- Task objective -
Which lines run from the line with "exists r (q" through the line with "ord0] [:: ord0]." in the entries below? Print them exactly, both ends included, and nothing more.

- Data to examine -
(* quotient K/pi, where the partition pi is given by a surjection q
   onto a set 'I_r of block labels *)
Definition bg_quot (K : bgraph) (r : nat) (q : 'I_(bg_m K) -> 'I_r) : bgraph :=
  @BGraph r (fun x y => [exists u, exists v, (q u == x) && (q v == y) && sadj K u v])
    (map q (bg_in K)) (map q (bg_out K)).

Arguments bg_quot K {r} q.

Definition surj (A B : Type) (f : A -> B) : Prop := forall y, exists x, f x = y.

(* K sqcup H with inputs a (of K) and outputs d (of H), before identification *)
Definition comp_base (H K : bgraph) : bgraph :=
  @BGraph (bg_m K + bg_m H) (dunion_adj (sadj K) (sadj H))
    (map (@lshift _ _) (bg_in K)) (map (@rshift _ _) (bg_out H)).

Definition comp_rel (H K : bgraph) : rel 'I_(bg_m K + bg_m H) :=
  fun x y =>
    let z := zip (map (@lshift _ (bg_m H)) (bg_out K))
                 (map (@rshift (bg_m K) _) (bg_in H)) in
    ((x, y) \in z) || ((y, x) \in z).

Arguments comp_rel : clear implicits.
Arguments comp_base : clear implicits.

Definition is_comp (H K R : bgraph) : Prop :=
  size (bg_out K) = size (bg_in H) /\
  exists r (q : 'I_(bg_m K + bg_m H) -> 'I_r),
    [/\ surj q,
        (forall x y, (q x == q y) = connect (comp_rel H K) x y) &
        bg_iso (bg_quot (comp_base H K) q) R].

Definition M_vv  : bgraph := @BGraph 1 (fun _ _ => false) [:: ord0] [:: ord0].
Definition M_0vv : bgraph := @BGraph 1 (fun _ _ => false) [::] [:: ord0; ord0].
Definition N_0   : bgraph := @BGraph 0 (fun _ _ => false) [::] [::].

Definition graph_category (C : bgraph -> Prop) : Prop :=
  [/\ (forall K K', C K -> bg_iso K K' -> C K'),
      C N_0 /\ C M_vv /\ C M_0vv,
      (forall K H, C K -> C H -> C (bg_tensor K H)),
      (forall H K R, C H -> C K -> is_comp H K R -> C R) &
      (forall K, C K -> C (bg_inv K))].

Definition group_theoretical (C : bgraph -> Prop) : Prop :=
  graph_category C /\
  forall K r (q : 'I_(bg_m K) -> 'I_r), surj q -> C K -> C (bg_quot K q).

(* The maps hat T^G_K and the spaces C^G(k,l).  A linear map           *)
(* (C^n)^{(x)k} -> (C^n)^{(x)l} is a matrix indexed by (j, i) with     *)
(* j : l.-tuple 'I_n (row) and i : k.-tuple 'I_n (column).             *)
Definition TG (n : nat) (adjG : rel 'I_n) (K : bgraph) (j i : seq 'I_n) : CC :=
  (#|[set phi : {ffun 'I_(bg_m K) -> 'I_n} |
        [&& injectiveb phi,
            [forall x, forall y, sadj K x y ==> adjG (phi x) (phi y)],
            map phi (bg_in K) == i &
            map phi (bg_out K) == j]]|)%:R.

Definition CG (n : nat) (adjG : rel 'I_n) (C : bgraph -> Prop) (k l : nat)
  (T : l.-tuple 'I_n -> k.-tuple 'I_n -> CC) : Prop :=
  exists (N : nat) (c : 'I_N -> CC) (Ks : 'I_N -> bgraph),
    (forall x, C (Ks x) /\ inC k l (Ks x)) /\
    forall j i, T j i = \sum_(x < N) c x * TG adjG (Ks x) (val j) (val i).

(* O(G) = C Gamma (x) O(Aut G); an element is determined by its        *)
(* coefficients at (sigma, [g]) for sigma in Aut G and [g] in Gamma    *)
(* (O(Aut G) = functions on Aut G, C Gamma = free vector space on      *)
(* Gamma).  ucoef A p i s g is this coefficient of the entry           *)
(*   (u^{(x)k})_{p,i} = u_{p1 i1} ... u_{pk ik}                        *)
(*     = gamma_{p1}...gamma_{pk} (x) v_{p1 i1} ... v_{pk ik},           *)
(* with v_{pi}(s) = delta_{p, s(i)}.                                   *)
Definition inGamma_class (n : nat) (A : Z2free n -> Prop) (w g : Z2free n) : bool :=
  asbool (A (zmul w (zinv g))).

Definition ucoef (n : nat) (A : Z2free n -> Prop) (k : nat) (p i : k.-tuple 'I_n)
  (s : {perm 'I_n}) (g : Z2free n) : CC :=
  (inGamma_class A (zword p) g)%:R *
  \prod_(m < k) (tnth p m == s (tnth i m))%:R.

Definition Mor (n : nat) (adjG : rel 'I_n) (A : Z2free n -> Prop) (k l : nat)
  (T : l.-tuple 'I_n -> k.-tuple 'I_n -> CC) : Prop :=
  forall (j : l.-tuple 'I_n) (i : k.-tuple 'I_n) (s : {perm 'I_n}) (g : Z2free n),
    isAut adjG s ->
    \sum_(p : k.-tuple 'I_n) T j p * ucoef A p i s g =
    \sum_(q : l.-tuple 'I_n) ucoef A j q s g * T q i.

From mathcomp Require Import all_boot all_algebra all_fingroup.
From mathcomp Require Import complex Rstruct boolp.

Set Implicit Arguments. Unset Strict Implicit. Unset Printing Implicit Defensive.
Import GRing.Theory Num.Theory.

- Result -
  exists r (q : 'I_(bg_m K + bg_m H) -> 'I_r),
    [/\ surj q,
        (forall x y, (q x == q y) = connect (comp_rel H K) x y) &
        bg_iso (bg_quot (comp_base H K) q) R].

Definition M_vv  : bgraph := @BGraph 1 (fun _ _ => false) [:: ord0] [:: ord0].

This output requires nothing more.